Data items

[Start of section]

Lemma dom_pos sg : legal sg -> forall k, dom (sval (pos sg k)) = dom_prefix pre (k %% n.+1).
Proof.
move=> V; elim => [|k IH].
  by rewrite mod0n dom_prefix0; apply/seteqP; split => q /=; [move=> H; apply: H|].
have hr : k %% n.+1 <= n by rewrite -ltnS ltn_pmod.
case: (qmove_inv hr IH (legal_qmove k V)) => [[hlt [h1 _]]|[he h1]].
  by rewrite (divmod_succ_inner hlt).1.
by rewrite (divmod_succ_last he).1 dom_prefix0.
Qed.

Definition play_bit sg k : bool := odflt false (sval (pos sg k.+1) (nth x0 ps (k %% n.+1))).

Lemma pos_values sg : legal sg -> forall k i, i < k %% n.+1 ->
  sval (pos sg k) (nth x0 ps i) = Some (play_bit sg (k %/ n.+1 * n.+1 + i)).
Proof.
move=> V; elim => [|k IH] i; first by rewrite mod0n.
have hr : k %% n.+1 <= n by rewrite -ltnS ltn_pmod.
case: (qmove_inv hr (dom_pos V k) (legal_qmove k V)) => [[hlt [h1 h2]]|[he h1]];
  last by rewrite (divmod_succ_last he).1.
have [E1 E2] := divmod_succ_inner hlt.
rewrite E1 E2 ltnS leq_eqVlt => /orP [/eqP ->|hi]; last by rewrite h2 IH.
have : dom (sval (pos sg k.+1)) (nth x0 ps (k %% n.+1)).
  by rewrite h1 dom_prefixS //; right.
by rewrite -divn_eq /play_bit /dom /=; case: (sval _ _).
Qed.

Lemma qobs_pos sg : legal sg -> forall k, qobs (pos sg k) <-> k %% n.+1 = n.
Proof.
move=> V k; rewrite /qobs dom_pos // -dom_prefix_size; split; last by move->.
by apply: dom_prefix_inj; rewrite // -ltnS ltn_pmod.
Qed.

[End of section]
[Start of section]

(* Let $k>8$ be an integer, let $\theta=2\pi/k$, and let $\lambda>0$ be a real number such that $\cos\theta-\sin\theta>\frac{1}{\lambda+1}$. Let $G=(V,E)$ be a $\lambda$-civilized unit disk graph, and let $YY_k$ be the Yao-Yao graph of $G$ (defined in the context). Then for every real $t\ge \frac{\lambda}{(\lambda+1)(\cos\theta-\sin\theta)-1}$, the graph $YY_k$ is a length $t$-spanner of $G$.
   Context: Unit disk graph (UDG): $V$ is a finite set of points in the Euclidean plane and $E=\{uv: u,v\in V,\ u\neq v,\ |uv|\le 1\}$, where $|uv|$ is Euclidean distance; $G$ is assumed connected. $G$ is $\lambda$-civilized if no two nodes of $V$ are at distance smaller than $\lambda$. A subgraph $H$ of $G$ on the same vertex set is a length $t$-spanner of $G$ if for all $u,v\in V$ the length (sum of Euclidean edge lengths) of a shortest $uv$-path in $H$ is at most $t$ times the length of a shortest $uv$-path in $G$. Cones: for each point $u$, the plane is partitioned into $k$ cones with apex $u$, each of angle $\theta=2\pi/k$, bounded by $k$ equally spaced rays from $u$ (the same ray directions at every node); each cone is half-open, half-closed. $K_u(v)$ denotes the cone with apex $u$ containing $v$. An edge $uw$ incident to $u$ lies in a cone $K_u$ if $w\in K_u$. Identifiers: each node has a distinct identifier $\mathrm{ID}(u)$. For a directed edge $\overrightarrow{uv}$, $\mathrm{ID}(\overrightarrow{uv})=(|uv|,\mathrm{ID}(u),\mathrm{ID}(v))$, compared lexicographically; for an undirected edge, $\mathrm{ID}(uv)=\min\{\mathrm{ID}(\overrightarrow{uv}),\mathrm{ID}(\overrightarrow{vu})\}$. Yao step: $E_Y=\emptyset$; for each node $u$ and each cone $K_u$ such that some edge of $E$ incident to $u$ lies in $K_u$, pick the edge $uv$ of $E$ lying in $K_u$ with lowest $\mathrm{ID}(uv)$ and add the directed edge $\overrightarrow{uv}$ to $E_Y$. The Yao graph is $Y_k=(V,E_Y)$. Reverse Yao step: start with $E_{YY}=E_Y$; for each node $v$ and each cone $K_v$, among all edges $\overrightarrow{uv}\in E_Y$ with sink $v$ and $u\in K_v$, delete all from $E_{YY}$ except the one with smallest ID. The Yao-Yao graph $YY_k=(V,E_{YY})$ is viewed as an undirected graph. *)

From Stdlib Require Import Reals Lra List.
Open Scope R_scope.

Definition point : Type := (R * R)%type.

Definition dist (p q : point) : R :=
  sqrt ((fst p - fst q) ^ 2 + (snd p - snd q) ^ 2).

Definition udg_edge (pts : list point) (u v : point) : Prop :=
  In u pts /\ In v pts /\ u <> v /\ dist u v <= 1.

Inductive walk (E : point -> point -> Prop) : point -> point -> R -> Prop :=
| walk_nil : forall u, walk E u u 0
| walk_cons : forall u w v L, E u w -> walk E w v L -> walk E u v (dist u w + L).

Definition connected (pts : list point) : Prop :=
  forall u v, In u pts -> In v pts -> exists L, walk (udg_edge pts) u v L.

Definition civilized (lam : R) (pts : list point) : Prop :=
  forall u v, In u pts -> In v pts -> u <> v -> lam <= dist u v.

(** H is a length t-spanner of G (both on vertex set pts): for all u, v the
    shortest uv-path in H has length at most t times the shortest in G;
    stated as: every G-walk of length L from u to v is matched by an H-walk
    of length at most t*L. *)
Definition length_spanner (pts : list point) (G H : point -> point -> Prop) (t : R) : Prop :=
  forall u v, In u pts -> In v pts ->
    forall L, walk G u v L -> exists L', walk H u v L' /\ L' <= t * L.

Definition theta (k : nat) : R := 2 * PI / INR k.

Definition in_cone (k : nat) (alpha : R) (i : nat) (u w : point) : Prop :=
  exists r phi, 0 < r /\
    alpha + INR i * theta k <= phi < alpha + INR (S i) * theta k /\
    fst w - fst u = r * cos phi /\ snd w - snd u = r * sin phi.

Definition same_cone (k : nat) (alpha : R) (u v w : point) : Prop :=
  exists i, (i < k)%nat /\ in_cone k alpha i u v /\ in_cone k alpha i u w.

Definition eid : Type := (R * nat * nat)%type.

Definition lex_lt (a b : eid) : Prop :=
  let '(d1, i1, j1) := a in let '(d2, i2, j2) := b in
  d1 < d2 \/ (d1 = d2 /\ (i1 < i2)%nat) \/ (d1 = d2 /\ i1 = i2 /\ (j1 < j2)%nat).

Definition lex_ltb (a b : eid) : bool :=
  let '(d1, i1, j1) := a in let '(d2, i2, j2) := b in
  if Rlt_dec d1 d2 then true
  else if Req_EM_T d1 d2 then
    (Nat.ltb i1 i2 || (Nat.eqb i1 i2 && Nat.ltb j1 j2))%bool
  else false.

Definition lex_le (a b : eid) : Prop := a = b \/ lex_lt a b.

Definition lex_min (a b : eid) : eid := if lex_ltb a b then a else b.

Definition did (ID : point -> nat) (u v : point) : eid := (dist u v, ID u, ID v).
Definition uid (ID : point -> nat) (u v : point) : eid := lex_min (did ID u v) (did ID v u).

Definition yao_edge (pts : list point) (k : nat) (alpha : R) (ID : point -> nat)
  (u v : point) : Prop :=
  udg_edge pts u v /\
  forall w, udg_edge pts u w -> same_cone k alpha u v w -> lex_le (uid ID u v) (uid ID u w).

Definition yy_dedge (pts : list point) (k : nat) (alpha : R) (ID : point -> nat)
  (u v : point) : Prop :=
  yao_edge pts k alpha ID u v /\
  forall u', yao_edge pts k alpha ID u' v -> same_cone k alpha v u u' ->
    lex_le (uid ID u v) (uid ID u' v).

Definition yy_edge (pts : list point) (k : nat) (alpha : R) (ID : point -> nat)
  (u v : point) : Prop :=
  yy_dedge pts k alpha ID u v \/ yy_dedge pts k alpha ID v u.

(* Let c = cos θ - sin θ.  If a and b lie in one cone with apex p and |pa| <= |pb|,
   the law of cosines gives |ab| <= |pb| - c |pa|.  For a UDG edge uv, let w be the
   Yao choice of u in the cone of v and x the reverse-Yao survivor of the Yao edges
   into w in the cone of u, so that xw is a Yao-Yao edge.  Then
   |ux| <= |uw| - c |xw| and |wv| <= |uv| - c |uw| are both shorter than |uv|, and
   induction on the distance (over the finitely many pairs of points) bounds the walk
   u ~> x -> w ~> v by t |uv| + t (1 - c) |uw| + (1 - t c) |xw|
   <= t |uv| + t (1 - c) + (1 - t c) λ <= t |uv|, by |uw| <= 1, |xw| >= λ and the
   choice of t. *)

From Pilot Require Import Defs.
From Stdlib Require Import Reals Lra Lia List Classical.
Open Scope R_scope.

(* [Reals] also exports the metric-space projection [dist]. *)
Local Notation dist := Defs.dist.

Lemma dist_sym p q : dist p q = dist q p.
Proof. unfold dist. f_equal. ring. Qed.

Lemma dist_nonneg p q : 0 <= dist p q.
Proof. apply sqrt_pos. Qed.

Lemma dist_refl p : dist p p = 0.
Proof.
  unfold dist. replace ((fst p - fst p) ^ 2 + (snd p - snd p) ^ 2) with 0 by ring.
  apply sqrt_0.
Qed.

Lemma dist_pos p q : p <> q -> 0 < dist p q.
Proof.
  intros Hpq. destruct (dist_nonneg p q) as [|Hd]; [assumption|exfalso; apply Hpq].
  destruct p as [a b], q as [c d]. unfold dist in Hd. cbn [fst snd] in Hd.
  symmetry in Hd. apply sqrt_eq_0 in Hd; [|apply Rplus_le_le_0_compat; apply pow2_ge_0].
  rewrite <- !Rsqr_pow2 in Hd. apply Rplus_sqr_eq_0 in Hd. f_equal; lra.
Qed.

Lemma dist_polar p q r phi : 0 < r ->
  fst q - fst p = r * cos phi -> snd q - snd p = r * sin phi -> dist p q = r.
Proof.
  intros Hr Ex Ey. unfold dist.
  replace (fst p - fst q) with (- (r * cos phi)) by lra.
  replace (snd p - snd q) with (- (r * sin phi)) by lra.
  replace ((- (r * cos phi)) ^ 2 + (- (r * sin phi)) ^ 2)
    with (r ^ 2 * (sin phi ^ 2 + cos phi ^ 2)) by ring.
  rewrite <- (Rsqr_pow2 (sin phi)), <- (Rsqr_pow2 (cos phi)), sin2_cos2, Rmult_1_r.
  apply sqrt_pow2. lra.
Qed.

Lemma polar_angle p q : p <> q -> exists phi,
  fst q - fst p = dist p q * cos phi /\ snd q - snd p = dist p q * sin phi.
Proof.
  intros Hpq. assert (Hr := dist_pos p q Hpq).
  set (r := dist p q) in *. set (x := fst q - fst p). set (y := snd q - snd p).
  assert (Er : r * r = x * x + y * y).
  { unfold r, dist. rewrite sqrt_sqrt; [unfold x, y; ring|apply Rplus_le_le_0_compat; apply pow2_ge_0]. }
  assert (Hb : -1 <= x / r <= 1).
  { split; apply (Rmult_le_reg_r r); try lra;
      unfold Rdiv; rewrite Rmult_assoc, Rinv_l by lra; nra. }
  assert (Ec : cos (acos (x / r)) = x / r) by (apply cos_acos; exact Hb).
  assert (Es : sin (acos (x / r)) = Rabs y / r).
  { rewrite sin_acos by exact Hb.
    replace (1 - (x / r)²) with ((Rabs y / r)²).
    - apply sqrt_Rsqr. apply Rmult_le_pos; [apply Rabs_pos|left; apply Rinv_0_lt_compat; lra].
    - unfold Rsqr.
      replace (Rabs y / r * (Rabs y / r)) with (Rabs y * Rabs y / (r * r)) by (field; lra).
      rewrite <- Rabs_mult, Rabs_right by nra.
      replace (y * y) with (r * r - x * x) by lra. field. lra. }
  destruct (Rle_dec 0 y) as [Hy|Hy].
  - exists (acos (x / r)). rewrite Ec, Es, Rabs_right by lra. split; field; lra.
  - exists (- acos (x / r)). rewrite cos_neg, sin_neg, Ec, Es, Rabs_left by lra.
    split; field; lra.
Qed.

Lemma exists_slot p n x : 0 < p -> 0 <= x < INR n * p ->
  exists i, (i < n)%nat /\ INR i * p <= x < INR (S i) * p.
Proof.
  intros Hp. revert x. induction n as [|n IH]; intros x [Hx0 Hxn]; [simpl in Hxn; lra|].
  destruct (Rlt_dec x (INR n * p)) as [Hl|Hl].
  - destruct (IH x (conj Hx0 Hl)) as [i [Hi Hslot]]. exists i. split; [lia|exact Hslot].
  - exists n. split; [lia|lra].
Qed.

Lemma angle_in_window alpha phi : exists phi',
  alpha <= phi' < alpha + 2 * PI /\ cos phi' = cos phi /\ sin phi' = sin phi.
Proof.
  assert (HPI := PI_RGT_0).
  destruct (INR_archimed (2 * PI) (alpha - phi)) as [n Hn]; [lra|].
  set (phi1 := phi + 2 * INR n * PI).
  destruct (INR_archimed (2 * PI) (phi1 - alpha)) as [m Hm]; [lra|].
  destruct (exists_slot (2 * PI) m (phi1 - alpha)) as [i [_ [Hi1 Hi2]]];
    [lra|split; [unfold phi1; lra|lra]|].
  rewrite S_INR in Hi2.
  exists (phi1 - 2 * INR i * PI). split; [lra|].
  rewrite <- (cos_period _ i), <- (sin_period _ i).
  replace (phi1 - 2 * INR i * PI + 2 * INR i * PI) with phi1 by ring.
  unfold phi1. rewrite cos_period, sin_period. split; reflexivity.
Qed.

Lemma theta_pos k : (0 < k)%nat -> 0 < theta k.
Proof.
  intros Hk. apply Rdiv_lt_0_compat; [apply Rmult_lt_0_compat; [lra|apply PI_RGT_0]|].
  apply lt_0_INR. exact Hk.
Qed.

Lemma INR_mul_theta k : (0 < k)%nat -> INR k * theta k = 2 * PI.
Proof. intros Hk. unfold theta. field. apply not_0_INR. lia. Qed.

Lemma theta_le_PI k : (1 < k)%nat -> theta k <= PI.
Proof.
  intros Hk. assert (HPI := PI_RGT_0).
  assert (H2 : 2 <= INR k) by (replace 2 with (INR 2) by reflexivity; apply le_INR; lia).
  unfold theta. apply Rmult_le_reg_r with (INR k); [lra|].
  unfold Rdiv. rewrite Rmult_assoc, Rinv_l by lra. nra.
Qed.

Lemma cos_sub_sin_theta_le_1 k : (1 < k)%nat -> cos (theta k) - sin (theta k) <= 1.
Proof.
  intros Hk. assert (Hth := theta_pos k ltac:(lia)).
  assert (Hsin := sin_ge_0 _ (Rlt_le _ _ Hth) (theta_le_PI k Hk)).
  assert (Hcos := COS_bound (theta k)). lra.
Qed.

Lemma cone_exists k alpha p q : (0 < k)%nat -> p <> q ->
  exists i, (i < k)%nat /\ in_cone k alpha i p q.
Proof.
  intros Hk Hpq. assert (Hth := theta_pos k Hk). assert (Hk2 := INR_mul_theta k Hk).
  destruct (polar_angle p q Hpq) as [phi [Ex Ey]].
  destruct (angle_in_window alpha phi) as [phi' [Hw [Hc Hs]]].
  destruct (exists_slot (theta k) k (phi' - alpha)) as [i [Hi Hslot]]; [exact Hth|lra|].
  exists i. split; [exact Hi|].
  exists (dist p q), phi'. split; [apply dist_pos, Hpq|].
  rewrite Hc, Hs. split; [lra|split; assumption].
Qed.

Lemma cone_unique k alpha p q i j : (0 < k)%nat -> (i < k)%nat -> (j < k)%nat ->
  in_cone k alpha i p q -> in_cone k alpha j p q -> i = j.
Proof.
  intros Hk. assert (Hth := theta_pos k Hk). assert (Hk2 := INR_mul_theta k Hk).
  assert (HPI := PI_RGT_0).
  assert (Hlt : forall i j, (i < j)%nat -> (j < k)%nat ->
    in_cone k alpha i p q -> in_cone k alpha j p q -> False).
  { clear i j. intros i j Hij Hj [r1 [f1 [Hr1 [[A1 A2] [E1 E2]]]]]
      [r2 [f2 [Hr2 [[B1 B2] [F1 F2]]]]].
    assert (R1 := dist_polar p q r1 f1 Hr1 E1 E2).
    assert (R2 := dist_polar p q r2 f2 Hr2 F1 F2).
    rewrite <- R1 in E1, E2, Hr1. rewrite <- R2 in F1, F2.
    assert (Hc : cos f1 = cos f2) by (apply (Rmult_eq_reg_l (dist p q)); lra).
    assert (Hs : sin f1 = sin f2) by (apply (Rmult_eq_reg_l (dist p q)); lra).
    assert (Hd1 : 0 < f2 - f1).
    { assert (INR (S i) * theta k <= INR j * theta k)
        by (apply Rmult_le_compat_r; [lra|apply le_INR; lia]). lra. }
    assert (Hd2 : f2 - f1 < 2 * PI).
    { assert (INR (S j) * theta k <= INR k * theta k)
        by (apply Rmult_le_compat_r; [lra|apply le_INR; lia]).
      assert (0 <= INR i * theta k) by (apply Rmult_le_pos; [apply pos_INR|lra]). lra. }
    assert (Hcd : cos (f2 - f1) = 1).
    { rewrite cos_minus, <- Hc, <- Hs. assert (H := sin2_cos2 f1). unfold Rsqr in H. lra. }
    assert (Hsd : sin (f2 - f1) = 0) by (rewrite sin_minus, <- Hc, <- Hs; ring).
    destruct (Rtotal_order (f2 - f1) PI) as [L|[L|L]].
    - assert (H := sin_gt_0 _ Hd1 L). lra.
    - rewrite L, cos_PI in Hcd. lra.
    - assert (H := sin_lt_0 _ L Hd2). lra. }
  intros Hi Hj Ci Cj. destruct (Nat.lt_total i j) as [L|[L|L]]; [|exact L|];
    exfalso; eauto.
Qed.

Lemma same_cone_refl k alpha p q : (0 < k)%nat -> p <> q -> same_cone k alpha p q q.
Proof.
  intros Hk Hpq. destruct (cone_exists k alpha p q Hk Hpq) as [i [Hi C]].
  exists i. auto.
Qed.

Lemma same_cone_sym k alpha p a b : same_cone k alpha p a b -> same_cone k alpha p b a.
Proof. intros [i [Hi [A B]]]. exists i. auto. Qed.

[End of section]

## HOW TO COMPLETE THIS TASK
Could you retype exactly the lines above, starting at the line that contains "unfold theta. apply" and ending at the line that contains "destruct (polar_angle p", and nothing more?

## FINAL ANSWER
  unfold theta. apply Rmult_le_reg_r with (INR k); [lra|].
  unfold Rdiv. rewrite Rmult_assoc, Rinv_l by lra. nra.
Qed.

Lemma cos_sub_sin_theta_le_1 k : (1 < k)%nat -> cos (theta k) - sin (theta k) <= 1.
Proof.
  intros Hk. assert (Hth := theta_pos k ltac:(lia)).
  assert (Hsin := sin_ge_0 _ (Rlt_le _ _ Hth) (theta_le_PI k Hk)).
  assert (Hcos := COS_bound (theta k)). lra.
Qed.

Lemma cone_exists k alpha p q : (0 < k)%nat -> p <> q ->
  exists i, (i < k)%nat /\ in_cone k alpha i p q.
Proof.
  intros Hk Hpq. assert (Hth := theta_pos k Hk). assert (Hk2 := INR_mul_theta k Hk).
  destruct (polar_angle p q Hpq) as [phi [Ex Ey]].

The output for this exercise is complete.